How to complete this task
Scan the entries below and report only how many lines contain "MVar".

** Opening Data to process block **

Lemma gdM_factor g :
  gdM C g 1 = col_mx 1%:M (- C) *m row_mx ((1 - g)%:M) (- g *: C^T).
Proof.
rewrite mul_col_row /gdM !mul1mx mul1r mulr1 subrr mul_mx_scalar.
rewrite scalerN -scaleNr mulNmx -scalemxAr.
by rewrite !scaleNr opprK (raddf0 (@scalar_mx _ _)) add0r.
Qed.

Lemma mem_mxspec_gdM g w : g != 0 -> 1 - g%:C + g%:C * w != 0 ->
  (1 - g%:C + g%:C * w \in mxspec (gdM C g 1)) = eigenvalue (cxmx (C^T *m C)) w.
Proof.
move=> g0 x_neq0; rewrite mem_mxspec gdM_factor map_mxM (eigenvalue_mulmxC _ _ x_neq0).
rewrite -map_mxM.
rewrite mul_row_col mulmx1 mulmxN -scalemxAl scaleNr opprK.
rewrite map_mxD map_scalar_mx map_mxZ rmorphB rmorph1 eigenvalue_affine //.
by rewrite real_complex_eq0.
Qed.

Lemma specrad_gdM_ge g mu : 0 < g -> gram_eig mu ->
  `|1 - g + g * mu| <= specrad (gdM C g 1).
Proof.
move=> g_gt0 mu_eig; have [->|x0] := eqVneq (1 - g + g * mu) 0.
  by rewrite normr0 specrad_ge0.
rewrite -normc_real; apply: normc_le_specrad.
have xE : (1 - g + g * mu)%:C = 1 - g%:C + g%:C * mu%:C by rewrite rmorphD rmorphB rmorph1 rmorphM.
by rewrite xE mem_mxspec_gdM ?(gt_eqF g_gt0) // -xE real_complex_eq0.
Qed.

Hypothesis gram_spec : forall z, eigenvalue (cxmx (C^T *m C)) z ->
  z = (complex.Re z)%:C /\ 0 <= complex.Re z < 1.

Lemma specrad_gdM_le g b : 0 < g -> 0 <= b ->
  (forall mu, gram_eig mu -> `|1 - g + g * mu| <= b) -> specrad (gdM C g 1) <= b.
Proof.
move=> g_gt0 b_ge0 bound; apply: specrad_le => // x.
have [-> _|x0] := eqVneq x 0; first by rewrite Normc.normc0.
have gC0 : g%:C != 0 by rewrite real_complex_eq0 gt_eqF.
set w := (x - 1 + g%:C) / g%:C.
have xE : x = 1 - g%:C + g%:C * w by rewrite /w mulrC divfK //; ring.
have xC0 : 1 - g%:C + g%:C * w != 0 by rewrite -xE.
rewrite [in X in X -> _]xE (mem_mxspec_gdM (lt0r_neq0 g_gt0) xC0) => w_eig.
have [wE _] := gram_spec w_eig.
have -> : x = (1 - g + g * complex.Re w)%:C by rewrite xE {1}wE rmorphD rmorphB rmorph1 rmorphM.
by rewrite normc_real; apply: bound; rewrite -wE; exact: w_eig.
Qed.
Lemma sv_le1 n m (A : 'M[C]_(n, m)) s :
  unit_vec A -> singular_values A s -> forall j, s j <= 1.
Proof.
move=> hu hs j; have [_ s_ge0 s_min] := singular_values_seq hs.
have [_ [_ [_ [U [V [/unitarymxP hU [/unitarymxP hV hA]]]]]]] := hs.
have [hj|/s_min ->] := ltnP j (minn n m); last exact: ler01.
have sum1 : \sum_(i < n | (i < m)%N) s i ^+ 2 = 1.
  by apply/(unit_vec_svd _ hU hV); rewrite -hA.
by rewrite -(ler_pXn2r (n := 2)) ?nnegrE ?expr1n // -sum1 sqr_le_sum_sv.
Qed.

Lemma sv_seq_scale n m (c : R) (s : nat -> R) :
  0 < c -> sv_seq n m s -> sv_seq n m (fun j => s j / c).
Proof.
move=> c0 [s_anti s_ge0 s_min]; split=> [i j hij|j|j hj].
- by rewrite ler_wpM2r ?invr_ge0 ?(ltW c0) ?s_anti.
- by rewrite divr_ge0 ?(ltW c0).
- by rewrite s_min ?mul0r.
Qed.

Lemma sv_admissible_scale (alpha c : R) (s : nat -> R) :
  0 < c -> sv_admissible alpha s -> sv_admissible alpha (fun j => s j / c).
Proof.
move=> c0 [s_ceil /= s_theta]; split=> [j hj|/= htheta]; first by rewrite s_ceil ?mul0r.
rewrite -mulr_suml mulrA ler_wpM2r ?invr_ge0 ?(ltW c0) //; exact: s_theta.
Qed.

Lemma admissible_normalize n m (alpha : R) (U : 'M[C]_n) (V : 'M[C]_m) (t : nat -> R) :
  U \is unitarymx -> V \is unitarymx -> sv_seq n m t -> sv_admissible alpha t ->
  0 < \sum_(i < n | (i < m)%N) t i ^+ 2 ->
  exists2 B, admissible alpha B &
    U *m rdiag n m t *m adjmx V = (Num.sqrt (\sum_(i < n | (i < m)%N) t i ^+ 2))%:C%C *: B.
Proof.
move=> hU hV t_seq t_adm; set w := \sum_(i < n | _) _ => w_pos.
have N_pos : 0 < Num.sqrt w by rewrite sqrtr_gt0.
exists (U *m rdiag n m (fun j => t j / Num.sqrt w) *m adjmx V).
  split; first apply/unit_vec_svd => //.
    under eq_bigr do rewrite expr_div_n sqr_sqrtr ?(ltW w_pos) //.
    by rewrite -mulr_suml divff ?gt_eqF.
  exists (fun j => t j / Num.sqrt w); split; last exact: sv_admissible_scale.
  by apply: singular_values_svd => //; apply: sv_seq_scale.
have -> : rdiag n m t = (Num.sqrt w)%:C%C *: rdiag n m (fun j => t j / Num.sqrt w).
  by rewrite -rdiagZ; congr rdiag; apply: boolp.funext => j; rewrite mulrC divfK ?gt_eqF.
by rewrite -scalemxAr -scalemxAl.
Qed.
(* [p0] is the fixed occurrence through which [sigma] sees [theta X]; the side
   condition is what makes the same substitute correct at the occurrence [p.X]. *)
Definition represents (sigma : valuation) (theta : var -> term) (D : fctx) (top : term)
  : Prop :=
  forall X B p, In (B, p) (var_occs X [] top) ->
  exists p0,
    sigma X = (map (act p0) (xs D (Lambda top X) p X), embed (pact p0 (theta X))) /\
    forall y, mfree y (embed (theta X)) = true -> ~ In y (xs D (Lambda top X) p X) ->
      ~ In (act p y) B /\ act p0 y = act p y.

Definition valuation_of (D : fctx) (l : term) (theta : var -> term) : valuation :=
  fun X =>
    let p0 := snd (hd ([], []) (var_occs X [] l)) in
    (map (act p0) (xs D (Lambda l X) p0 X), embed (pact p0 (theta X))).

Lemma represents_valuation_of D l r theta top : closed D (Tup [l; r]) ->
  (forall X, In X (vars r) -> In X (vars l)) ->
  (forall a X, In (a, X) D -> fresh [] a (theta X)) ->
  top = l \/ top = r ->
  represents (valuation_of D l theta) theta D top.
Proof.
  intros Hcl Hv Hfr Htop X B p Hin.
  assert (Hocc : var_occs X [] (Tup [l; r]) = var_occs X [] l ++ var_occs X [] r)
    by (simpl; now rewrite app_nil_r).
  assert (Hl : forall o, In o (var_occs X [] l) -> In o (var_occs X [] (Tup [l; r])))
    by (intros; rewrite Hocc; apply in_or_app; auto).
  assert (Htops : forall o, In o (var_occs X [] top) -> In o (var_occs X [] (Tup [l; r])))
    by (intros; rewrite Hocc; apply in_or_app; destruct Htop as [->| ->]; auto).
  assert (H0 : In (hd ([], []) (var_occs X [] l)) (var_occs X [] l)).
  { assert (Hx : In X (vars l))
      by (destruct Htop as [->| ->]; [|apply Hv]; eapply var_occs_vars; eauto).
    destruct (vars_var_occs X [] l Hx) as (o & Ho).
    destruct (var_occs X [] l); [destruct Ho|]. simpl; auto. }
  unfold valuation_of. destruct (hd ([], []) (var_occs X [] l)) as (B0, p0). simpl.
  pose proof Hcl as (_ & Habs & Hdiff).
  assert (Hxs : xs D (Lambda l X) p0 X = xs D (Lambda top X) p X).
  { apply xs_ext. intros c. split; intros [Hc Hf]; split; auto.
    - apply (closed_Lambda_iff D _ l X B0 p0 c Hcl Hl H0 Hf) in Hc.
      apply (closed_Lambda_iff D _ top X B p c Hcl Htops Hin Hf).
      destruct (Habs X B0 p0 c (Hl _ H0) Hc B p (Htops _ Hin)); tauto.
    - apply (closed_Lambda_iff D _ top X B p c Hcl Htops Hin Hf) in Hc.
      apply (closed_Lambda_iff D _ l X B0 p0 c Hcl Hl H0 Hf).
      destruct (Habs X B p c (Htops _ Hin) Hc B0 p0 (Hl _ H0)); tauto. }
  exists p0. rewrite Hxs. split; auto.
  intros y Hy Hn.
  assert (Hf : ~ In (y, X) D) by (intros F%Hfr%fresh_embed_mfree; congruence).
  assert (Hb : ~ In (act p y) B).
  { intros F. apply Hn, xs_In. split; auto.
    now apply (closed_Lambda_iff D _ top X B p y Hcl Htops Hin Hf). }
  split; auto.
  destruct (Nat.eq_dec (act p0 y) (act p y)) as [|Ne]; auto. exfalso. apply Hf.
  apply (Hdiff X B p B0 p0 y (Htops _ Hin) (Hl _ H0)); auto.
Qed.

(** * Simulating a nominal step by a CRS step *)

Lemma bindp_map_In (f : atom -> atom) (g : atom -> mterm) L y : Injective f ->
  In y L -> bindp (map f L) (map g L) (f y) = g y.
Proof.
  intros Hinj. induction L as [|x L IH]; simpl; [intros []|]. intros [->|H].
  - now rewrite Nat.eqb_refl.
  - destruct (Nat.eqb_spec (f y) (f x)) as [E|E]; auto.
Qed.

Lemma bindp_map_notIn (f : atom -> atom) (g : atom -> mterm) L y : Injective f ->
  ~ In y L -> bindp (map f L) (map g L) (f y) = MVar (f y).
Proof.
  intros Hinj. induction L as [|x L IH]; simpl; auto. intros H.
  destruct (Nat.eqb_spec (f y) (f x)) as [E|E]; auto.
  apply Hinj in E as ->. tauto.
Qed.

Lemma bindp_MVar ps us z : (forall u, In u us -> exists w, u = MVar w) ->
  exists w, bindp ps us z = MVar w.
Proof.
  revert us; induction ps as [|p ps IH]; intros us H; simpl; eauto.
  destruct us as [|u us]; eauto. simpl in H. destruct (z =? p); eauto.
Qed.
(* Let $\sigma>0$, $\lambda_1,\lambda_2>0$, $m_g\ge1$. Suppose $\boldsymbol\beta_g\mid\tau_{g1}^2,\dots,\tau_{gm_g}^2,\gamma_g^2,\sigma^2\sim N_{m_g}(\mathbf 0,\sigma^2\mathbf V_g)$ with $\mathbf V_g=\mathrm{diag}\{(\tau_{gj}^{-2}+\gamma_g^{-2})^{-1}, j=1,\dots,m_g\}$, and $(\tau_{g1}^2,\dots,\tau_{gm_g}^2,\gamma_g^2)\in(0,\infty)^{m_g+1}$ has density $$\pi(\tau^2_{g1},\dots,\tau^2_{gm_g},\gamma^2_g)=c_g(\lambda_1^2,\lambda_2^2)\prod_{j=1}^{m_g}\Big[(\tau^2_{gj})^{-1/2}\Big(\frac1{\tau^2_{gj}}+\frac1{\gamma^2_g}\Big)^{-1/2}\Big](\gamma_g^2)^{-1/2}\exp\Big\{-\frac{\lambda_1^2}{2}\sum_{j=1}^{m_g}\tau^2_{gj}-\frac{\lambda_2^2}{2}\gamma_g^2\Big\}.$$ Then this density is integrable (so a normalizing constant $c_g(\lambda_1^2,\lambda_2^2)\in(0,\infty)$ exists, i.e., the prior is proper), and the marginal prior of $\boldsymbol\beta_g$ satisfies $$\pi(\boldsymbol\beta_g\mid\sigma^2)\propto\exp\Big\{-\frac{\lambda_1}{\sigma}\|\boldsymbol\beta_g\|_1-\frac{\lambda_2}{\sigma}\|\boldsymbol\beta_g\|_2\Big\}.$$ *)

From Stdlib Require Import Reals Lra List.
Import ListNotations.
Open Scope R_scope.

Fixpoint sumR (n : nat) (f : nat -> R) : R :=
  match n with O => 0 | S k => sumR k f + f k end.
Fixpoint prodR (n : nat) (f : nat -> R) : R :=
  match n with O => 1 | S k => prodR k f * f k end.

Definition ImpInt (f : R -> R) (l : R) : Prop :=
  (forall a b, 0 < a -> a <= b -> exists pr : Riemann_integrable f a b, True) /\
  (forall eps, 0 < eps -> exists a0 b0, 0 < a0 /\ a0 <= b0 /\
     forall a b (pr : Riemann_integrable f a b),
       0 < a -> a <= a0 -> b0 <= b -> Rabs (RiemannInt pr - l) < eps).

(* Iterated improper integral over (0,+oo)^k of F : list R -> R
   (the first list entry is the outermost integration variable). *)
Fixpoint IterInt (k : nat) (F : list R -> R) (l : R) : Prop :=
  match k with
  | O => l = F []
  | S k' => exists G : R -> R, ImpInt G l /\
      forall t, 0 < t -> IterInt k' (fun xs => F (t :: xs)) (G t)
  end.

(* Coordinates of xs = [gamma^2; tau_1^2; ...; tau_m^2]. *)
Definition gam2 (xs : list R) : R := nth 0 xs 0.
Definition tau2 (xs : list R) (j : nat) : R := nth (S j) xs 0.

Definition vdiag (xs : list R) (j : nat) : R := / (/ tau2 xs j + / gam2 xs).

Definition prior_unnorm (m : nat) (l1 l2 : R) (xs : list R) : R :=
  prodR m (fun j => / sqrt (tau2 xs j) * / sqrt (/ tau2 xs j + / gam2 xs))
  * / sqrt (gam2 xs)
  * exp (- (l1 ^ 2 / 2) * sumR m (fun j => tau2 xs j) - (l2 ^ 2 / 2) * gam2 xs).

Definition normal_dens (m : nat) (sigma : R) (beta : nat -> R) (xs : list R) : R :=
  prodR m (fun j => / sqrt (2 * PI * sigma ^ 2 * vdiag xs j)
                    * exp (- (beta j ^ 2) / (2 * sigma ^ 2 * vdiag xs j))).

Definition norm1 (m : nat) (beta : nat -> R) : R := sumR m (fun j => Rabs (beta j)).
Definition norm2 (m : nat) (beta : nat -> R) : R := sqrt (sumR m (fun j => beta j ^ 2)).

From Coquelicot Require Import Coquelicot.
From Stdlib Require Import Reals List Lra Classical ClassicalEpsilon.
Open Scope R_scope.

(* For fixed gamma^2 = t, the integral over tau_j^2 = u of the prior factor
   sqrt (t / (t + u)) exp (- c u) is at most 1 / c and depends continuously on t,
   so the remaining gamma^2-integrand is dominated by t^(-1/2) exp (- c t) and the
   prior is proper.  For the marginal, completing the square in
   1 / vdiag = 1 / tau^2 + 1 / gamma^2 factors the joint integrand into
   t^(-1/2) exp (- a t - b / t) in every variance, with a = lambda^2 / 2 and
   b = beta_j^2 / (2 sigma^2) (resp. |beta|_2^2 / (2 sigma^2) for gamma^2).  The
   Cauchy-Schlomilch substitution u = sqrt (b / a) / v shows that such an integral
   is exp (- 2 sqrt (a b)) times its value at b = 0, and
   2 sqrt (a b) = (lambda / sigma) |beta_j| (resp. (lambda / sigma) |beta|_2). *)

(* Coquelicot states these for any normed module, with [plus] and [scal] for
   [Rplus] and [Rmult]; the specializations below can rewrite real integrals. *)
Lemma RInt_Chasles_R (f : R -> R) a b c :
  ex_RInt f a b -> ex_RInt f b c -> RInt f a b + RInt f b c = RInt f a c.
Proof. exact (RInt_Chasles f a b c). Qed.

Lemma RInt_scal_R (f : R -> R) a b k :
  ex_RInt f a b -> RInt (fun x => k * f x) a b = k * RInt f a b.
Proof. exact (RInt_scal f a b k). Qed.

Lemma ex_RInt_scal_R (f : R -> R) a b k :
  ex_RInt f a b -> ex_RInt (fun x => k * f x) a b.
Proof. exact (ex_RInt_scal f a b k). Qed.

Lemma RInt_plus_R (f g : R -> R) a b : ex_RInt f a b -> ex_RInt g a b ->
  RInt (fun x => f x + g x) a b = RInt f a b + RInt g a b.
Proof. exact (RInt_plus f g a b). Qed.

Lemma RInt_minus_R (f g : R -> R) a b : ex_RInt f a b -> ex_RInt g a b ->
  RInt (fun x => f x - g x) a b = RInt f a b - RInt g a b.
Proof. exact (RInt_minus f g a b). Qed.

Lemma ex_RInt_minus_R (f g : R -> R) a b : ex_RInt f a b -> ex_RInt g a b ->
  ex_RInt (fun x => f x - g x) a b.
Proof. exact (ex_RInt_minus f g a b). Qed.

Lemma RInt_swap_R (f : R -> R) a b : ex_RInt f a b -> RInt f b a = - RInt f a b.
Proof. intros H. rewrite <- (opp_RInt_swap f a b H). reflexivity. Qed.

Lemma RInt_comp_R (f g dg : R -> R) a b :
  (forall x, Rmin a b <= x <= Rmax a b -> continuous f (g x)) ->
  (forall x, Rmin a b <= x <= Rmax a b -> is_derive g x (dg x) /\ continuous dg x) ->
  RInt (fun y => dg y * f (g y)) a b = RInt f (g a) (g b).
Proof. exact (RInt_comp f g dg a b). Qed.

Lemma RInt_derive_R (F f : R -> R) a b : a <= b ->
  (forall x, a <= x <= b -> is_derive F x (f x)) ->
  (forall x, a <= x <= b -> continuous f x) -> RInt f a b = F b - F a.
Proof.
  intros hab HD HC. apply is_RInt_unique, (is_RInt_derive F f a b);
    intros x hx; rewrite Rmin_left, Rmax_right in hx by lra; auto.
Qed.

Lemma continuous_of_ex_derive (f : R -> R) x : ex_derive f x -> continuous f x.
Proof. apply (ex_derive_continuous (K:=R_AbsRing) (V:=R_NormedModule)). Qed.

Lemma interval_pos a b x : 0 < a -> 0 < b -> Rmin a b <= x <= Rmax a b -> 0 < x.
Proof. intros ha hb hx. pose proof (Rmin_glb_lt a b 0 ha hb). lra. Qed.

Lemma ex_RInt_pos (f : R -> R) a b : 0 < a -> 0 < b ->
  (forall x, 0 < x -> continuous f x) -> ex_RInt f a b.
Proof.
  intros ha hb Hc. apply (ex_RInt_continuous (V:=R_CompleteNormedModule)).
  intros z hz. apply Hc, (interval_pos a b); auto.
Qed.

(* Coquelicot states integral identities at the carrier of a normed module;
   [ring] and [field] need them at type [R]. *)
Ltac R_eq := match goal with |- ?A = ?B => change (@eq R A B) end.
Ltac nonzero :=
  repeat split; repeat apply Rmult_integral_contrapositive_currified; intro; nra.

** Closing Data to process block **

Solution for this task
3